*** Opening MATERIAL FOR THIS TASK ***

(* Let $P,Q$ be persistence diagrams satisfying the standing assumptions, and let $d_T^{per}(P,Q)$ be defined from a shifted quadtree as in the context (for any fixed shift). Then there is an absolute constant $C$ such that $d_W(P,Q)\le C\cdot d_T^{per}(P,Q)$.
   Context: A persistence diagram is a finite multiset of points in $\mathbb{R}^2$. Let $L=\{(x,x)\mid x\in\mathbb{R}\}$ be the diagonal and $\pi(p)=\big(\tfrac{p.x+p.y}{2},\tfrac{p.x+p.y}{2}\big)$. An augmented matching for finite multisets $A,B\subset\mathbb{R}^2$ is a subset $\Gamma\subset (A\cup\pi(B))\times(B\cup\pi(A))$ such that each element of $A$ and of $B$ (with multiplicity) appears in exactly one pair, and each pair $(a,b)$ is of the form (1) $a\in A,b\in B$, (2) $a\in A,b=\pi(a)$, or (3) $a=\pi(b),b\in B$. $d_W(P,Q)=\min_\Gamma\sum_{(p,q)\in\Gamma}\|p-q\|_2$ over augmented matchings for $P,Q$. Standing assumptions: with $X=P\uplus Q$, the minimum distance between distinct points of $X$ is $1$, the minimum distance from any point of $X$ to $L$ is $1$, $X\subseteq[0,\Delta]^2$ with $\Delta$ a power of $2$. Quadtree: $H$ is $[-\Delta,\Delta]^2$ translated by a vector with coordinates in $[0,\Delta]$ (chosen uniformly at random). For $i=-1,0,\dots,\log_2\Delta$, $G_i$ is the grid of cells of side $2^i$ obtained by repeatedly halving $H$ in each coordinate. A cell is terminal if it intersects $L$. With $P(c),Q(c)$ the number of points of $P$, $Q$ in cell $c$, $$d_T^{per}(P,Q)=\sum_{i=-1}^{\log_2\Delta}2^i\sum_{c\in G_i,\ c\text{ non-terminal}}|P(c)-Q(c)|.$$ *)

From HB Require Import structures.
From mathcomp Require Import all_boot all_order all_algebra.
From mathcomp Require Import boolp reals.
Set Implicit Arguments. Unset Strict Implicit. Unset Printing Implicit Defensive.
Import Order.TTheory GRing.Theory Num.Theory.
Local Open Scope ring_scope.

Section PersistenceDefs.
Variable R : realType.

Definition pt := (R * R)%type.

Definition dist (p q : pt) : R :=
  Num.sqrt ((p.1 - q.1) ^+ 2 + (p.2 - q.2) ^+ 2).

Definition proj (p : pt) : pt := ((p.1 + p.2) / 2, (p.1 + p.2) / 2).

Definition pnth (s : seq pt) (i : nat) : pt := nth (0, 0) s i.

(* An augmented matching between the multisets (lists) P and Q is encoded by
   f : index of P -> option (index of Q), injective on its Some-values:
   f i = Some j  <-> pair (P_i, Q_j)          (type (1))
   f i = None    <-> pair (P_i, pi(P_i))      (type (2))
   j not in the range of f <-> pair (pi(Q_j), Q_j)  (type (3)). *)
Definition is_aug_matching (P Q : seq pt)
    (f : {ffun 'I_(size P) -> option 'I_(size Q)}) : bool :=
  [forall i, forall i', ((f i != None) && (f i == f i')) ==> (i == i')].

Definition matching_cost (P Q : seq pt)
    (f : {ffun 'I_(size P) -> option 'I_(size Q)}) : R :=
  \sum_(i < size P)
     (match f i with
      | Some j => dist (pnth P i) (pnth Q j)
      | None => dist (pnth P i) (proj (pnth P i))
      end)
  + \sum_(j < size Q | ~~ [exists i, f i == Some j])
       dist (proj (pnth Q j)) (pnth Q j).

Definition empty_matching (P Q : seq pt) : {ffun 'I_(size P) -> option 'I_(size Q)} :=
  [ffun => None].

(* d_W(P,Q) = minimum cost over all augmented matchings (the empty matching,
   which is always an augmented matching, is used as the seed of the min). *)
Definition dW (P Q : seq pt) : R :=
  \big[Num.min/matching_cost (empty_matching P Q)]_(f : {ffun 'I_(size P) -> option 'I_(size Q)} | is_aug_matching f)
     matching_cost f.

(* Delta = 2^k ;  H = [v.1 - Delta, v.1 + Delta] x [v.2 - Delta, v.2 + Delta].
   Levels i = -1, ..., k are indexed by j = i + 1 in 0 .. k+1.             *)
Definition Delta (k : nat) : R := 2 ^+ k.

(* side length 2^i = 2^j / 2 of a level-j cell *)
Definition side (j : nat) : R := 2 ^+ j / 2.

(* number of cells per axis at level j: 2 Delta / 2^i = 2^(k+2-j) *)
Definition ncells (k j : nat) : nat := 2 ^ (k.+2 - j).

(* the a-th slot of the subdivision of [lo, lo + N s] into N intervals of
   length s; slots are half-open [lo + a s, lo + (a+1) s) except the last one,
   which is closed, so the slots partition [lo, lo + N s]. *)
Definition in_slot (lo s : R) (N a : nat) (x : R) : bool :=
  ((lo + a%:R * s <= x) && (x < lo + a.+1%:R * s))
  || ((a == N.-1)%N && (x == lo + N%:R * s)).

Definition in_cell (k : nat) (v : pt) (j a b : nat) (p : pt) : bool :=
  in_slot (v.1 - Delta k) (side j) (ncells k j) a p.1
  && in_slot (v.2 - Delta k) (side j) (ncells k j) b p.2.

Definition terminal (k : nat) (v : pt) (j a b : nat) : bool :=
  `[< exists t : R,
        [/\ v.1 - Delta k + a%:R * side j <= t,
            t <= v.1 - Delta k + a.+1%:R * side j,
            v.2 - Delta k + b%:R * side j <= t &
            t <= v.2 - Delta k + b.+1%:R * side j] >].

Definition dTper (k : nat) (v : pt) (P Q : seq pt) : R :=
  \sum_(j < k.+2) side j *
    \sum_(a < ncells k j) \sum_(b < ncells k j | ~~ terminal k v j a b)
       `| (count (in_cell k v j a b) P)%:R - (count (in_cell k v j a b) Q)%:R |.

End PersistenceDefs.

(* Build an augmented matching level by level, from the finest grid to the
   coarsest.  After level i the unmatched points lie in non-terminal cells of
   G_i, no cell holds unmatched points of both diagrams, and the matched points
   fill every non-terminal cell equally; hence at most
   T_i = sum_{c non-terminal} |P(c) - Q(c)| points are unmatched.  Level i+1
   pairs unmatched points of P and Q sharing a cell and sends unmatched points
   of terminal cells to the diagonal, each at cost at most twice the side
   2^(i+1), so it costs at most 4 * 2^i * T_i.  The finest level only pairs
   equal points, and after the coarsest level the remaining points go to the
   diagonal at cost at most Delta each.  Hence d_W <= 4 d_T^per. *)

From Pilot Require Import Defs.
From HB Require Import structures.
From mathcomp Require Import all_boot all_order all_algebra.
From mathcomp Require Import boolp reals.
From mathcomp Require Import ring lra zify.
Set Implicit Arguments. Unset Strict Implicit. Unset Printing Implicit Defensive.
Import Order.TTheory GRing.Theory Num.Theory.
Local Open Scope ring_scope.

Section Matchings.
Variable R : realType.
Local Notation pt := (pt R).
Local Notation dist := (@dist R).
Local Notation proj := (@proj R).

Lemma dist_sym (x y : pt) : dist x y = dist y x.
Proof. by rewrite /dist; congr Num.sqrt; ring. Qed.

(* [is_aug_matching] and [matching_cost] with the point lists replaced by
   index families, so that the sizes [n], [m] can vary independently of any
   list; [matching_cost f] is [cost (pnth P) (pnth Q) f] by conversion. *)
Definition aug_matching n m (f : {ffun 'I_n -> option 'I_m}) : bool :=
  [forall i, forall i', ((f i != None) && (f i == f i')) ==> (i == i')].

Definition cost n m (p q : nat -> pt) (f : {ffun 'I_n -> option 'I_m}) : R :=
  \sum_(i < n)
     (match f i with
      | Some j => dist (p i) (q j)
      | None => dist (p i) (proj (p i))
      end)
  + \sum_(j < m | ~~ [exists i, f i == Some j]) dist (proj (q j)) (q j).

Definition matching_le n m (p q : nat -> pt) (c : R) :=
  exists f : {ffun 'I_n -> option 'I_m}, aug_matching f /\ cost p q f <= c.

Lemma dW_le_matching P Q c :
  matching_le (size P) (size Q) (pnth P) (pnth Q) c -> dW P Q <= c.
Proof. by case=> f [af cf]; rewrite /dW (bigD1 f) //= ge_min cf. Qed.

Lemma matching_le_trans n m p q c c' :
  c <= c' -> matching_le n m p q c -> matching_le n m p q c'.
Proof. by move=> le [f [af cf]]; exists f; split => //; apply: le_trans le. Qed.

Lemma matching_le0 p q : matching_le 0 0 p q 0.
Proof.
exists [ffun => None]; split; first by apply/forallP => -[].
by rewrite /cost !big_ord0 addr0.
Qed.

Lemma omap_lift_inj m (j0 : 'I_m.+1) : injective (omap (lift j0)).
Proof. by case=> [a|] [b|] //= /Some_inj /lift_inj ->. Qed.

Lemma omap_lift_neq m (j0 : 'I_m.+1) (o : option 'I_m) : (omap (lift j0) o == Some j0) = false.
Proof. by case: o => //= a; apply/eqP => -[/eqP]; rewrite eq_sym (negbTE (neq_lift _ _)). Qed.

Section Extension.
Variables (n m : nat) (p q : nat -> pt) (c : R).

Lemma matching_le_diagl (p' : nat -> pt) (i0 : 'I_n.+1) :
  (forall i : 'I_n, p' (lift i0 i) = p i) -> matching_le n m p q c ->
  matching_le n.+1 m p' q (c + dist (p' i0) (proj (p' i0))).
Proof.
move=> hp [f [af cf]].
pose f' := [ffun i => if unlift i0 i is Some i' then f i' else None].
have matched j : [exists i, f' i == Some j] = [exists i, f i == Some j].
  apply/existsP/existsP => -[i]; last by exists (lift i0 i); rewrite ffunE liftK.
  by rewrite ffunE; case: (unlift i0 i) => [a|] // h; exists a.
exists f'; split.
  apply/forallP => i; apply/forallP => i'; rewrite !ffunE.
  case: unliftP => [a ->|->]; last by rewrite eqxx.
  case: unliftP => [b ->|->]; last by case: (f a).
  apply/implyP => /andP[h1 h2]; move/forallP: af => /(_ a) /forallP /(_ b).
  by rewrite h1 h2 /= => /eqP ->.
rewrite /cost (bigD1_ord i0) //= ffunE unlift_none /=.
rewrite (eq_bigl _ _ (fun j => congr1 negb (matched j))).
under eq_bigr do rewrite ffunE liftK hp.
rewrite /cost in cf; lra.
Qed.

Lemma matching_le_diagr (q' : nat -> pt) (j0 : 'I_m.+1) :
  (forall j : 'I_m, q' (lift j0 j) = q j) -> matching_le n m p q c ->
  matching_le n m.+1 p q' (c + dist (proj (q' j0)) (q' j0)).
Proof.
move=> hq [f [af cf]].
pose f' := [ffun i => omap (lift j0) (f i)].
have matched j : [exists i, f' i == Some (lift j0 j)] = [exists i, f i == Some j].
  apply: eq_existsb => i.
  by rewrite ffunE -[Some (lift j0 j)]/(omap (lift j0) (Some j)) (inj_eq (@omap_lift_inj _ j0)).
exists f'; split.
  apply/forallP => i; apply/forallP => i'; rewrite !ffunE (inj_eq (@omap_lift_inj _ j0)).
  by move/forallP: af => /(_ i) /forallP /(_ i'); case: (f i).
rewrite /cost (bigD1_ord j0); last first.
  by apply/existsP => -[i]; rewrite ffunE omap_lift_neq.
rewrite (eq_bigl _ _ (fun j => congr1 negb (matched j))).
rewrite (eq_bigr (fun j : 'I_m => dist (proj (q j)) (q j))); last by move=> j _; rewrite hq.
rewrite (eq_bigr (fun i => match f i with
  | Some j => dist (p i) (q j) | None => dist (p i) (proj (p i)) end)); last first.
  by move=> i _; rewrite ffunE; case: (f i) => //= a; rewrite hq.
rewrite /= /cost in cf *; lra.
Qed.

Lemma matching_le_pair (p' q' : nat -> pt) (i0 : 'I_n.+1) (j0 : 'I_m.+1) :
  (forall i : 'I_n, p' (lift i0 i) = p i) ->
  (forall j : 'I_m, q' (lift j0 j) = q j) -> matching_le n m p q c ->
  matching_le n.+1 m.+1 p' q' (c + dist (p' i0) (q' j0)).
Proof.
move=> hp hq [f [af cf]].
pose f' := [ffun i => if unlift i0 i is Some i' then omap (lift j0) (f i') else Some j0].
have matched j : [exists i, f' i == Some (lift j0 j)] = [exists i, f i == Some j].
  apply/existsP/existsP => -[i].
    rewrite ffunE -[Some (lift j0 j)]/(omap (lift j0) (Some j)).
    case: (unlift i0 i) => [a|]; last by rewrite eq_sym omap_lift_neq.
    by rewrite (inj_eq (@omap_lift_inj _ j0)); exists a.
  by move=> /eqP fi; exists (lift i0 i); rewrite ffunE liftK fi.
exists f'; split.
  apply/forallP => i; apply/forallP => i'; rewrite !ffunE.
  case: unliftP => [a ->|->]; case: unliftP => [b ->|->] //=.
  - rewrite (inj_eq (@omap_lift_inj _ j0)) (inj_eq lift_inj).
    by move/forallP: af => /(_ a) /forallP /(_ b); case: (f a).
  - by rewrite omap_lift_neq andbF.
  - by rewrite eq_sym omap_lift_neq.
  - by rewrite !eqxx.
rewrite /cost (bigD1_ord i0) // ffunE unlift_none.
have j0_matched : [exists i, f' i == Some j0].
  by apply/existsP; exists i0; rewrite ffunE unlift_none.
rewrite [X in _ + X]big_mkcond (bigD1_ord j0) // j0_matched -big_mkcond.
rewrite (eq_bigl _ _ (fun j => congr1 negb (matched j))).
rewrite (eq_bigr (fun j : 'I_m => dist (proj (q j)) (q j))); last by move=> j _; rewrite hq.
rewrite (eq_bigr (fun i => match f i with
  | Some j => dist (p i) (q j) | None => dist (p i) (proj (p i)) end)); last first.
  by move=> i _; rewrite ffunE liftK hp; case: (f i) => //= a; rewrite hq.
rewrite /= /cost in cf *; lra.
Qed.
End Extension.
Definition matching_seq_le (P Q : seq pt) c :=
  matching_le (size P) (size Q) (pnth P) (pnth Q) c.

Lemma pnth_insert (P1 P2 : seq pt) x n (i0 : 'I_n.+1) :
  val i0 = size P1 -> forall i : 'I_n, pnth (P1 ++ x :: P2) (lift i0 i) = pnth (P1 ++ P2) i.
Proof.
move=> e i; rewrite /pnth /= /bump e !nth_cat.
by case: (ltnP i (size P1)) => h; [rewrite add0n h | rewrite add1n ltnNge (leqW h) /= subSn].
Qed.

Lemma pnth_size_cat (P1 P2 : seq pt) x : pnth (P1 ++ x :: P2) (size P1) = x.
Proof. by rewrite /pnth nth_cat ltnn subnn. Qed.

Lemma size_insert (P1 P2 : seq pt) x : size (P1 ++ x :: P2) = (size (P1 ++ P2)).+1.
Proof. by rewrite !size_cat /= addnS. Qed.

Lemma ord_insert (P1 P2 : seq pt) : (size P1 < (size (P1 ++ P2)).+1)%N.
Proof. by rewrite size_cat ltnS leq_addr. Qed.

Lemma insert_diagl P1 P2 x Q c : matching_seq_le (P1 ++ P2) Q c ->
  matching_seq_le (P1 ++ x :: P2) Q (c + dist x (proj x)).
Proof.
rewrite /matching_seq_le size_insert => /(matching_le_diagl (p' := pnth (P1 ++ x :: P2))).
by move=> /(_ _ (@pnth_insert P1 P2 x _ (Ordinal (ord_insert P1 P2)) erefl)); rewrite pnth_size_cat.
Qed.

*** Closing MATERIAL FOR THIS TASK ***

Set down, exactly as they stand above, the lines starting with the line with "which is closed, so" and going on through the line with "in_slot (v.1 - Delta", and no others.

## RESPONSE AREA
   which is closed, so the slots partition [lo, lo + N s]. *)
Definition in_slot (lo s : R) (N a : nat) (x : R) : bool :=
  ((lo + a%:R * s <= x) && (x < lo + a.+1%:R * s))
  || ((a == N.-1)%N && (x == lo + N%:R * s)).

Definition in_cell (k : nat) (v : pt) (j a b : nat) (p : pt) : bool :=
  in_slot (v.1 - Delta k) (side j) (ncells k j) a p.1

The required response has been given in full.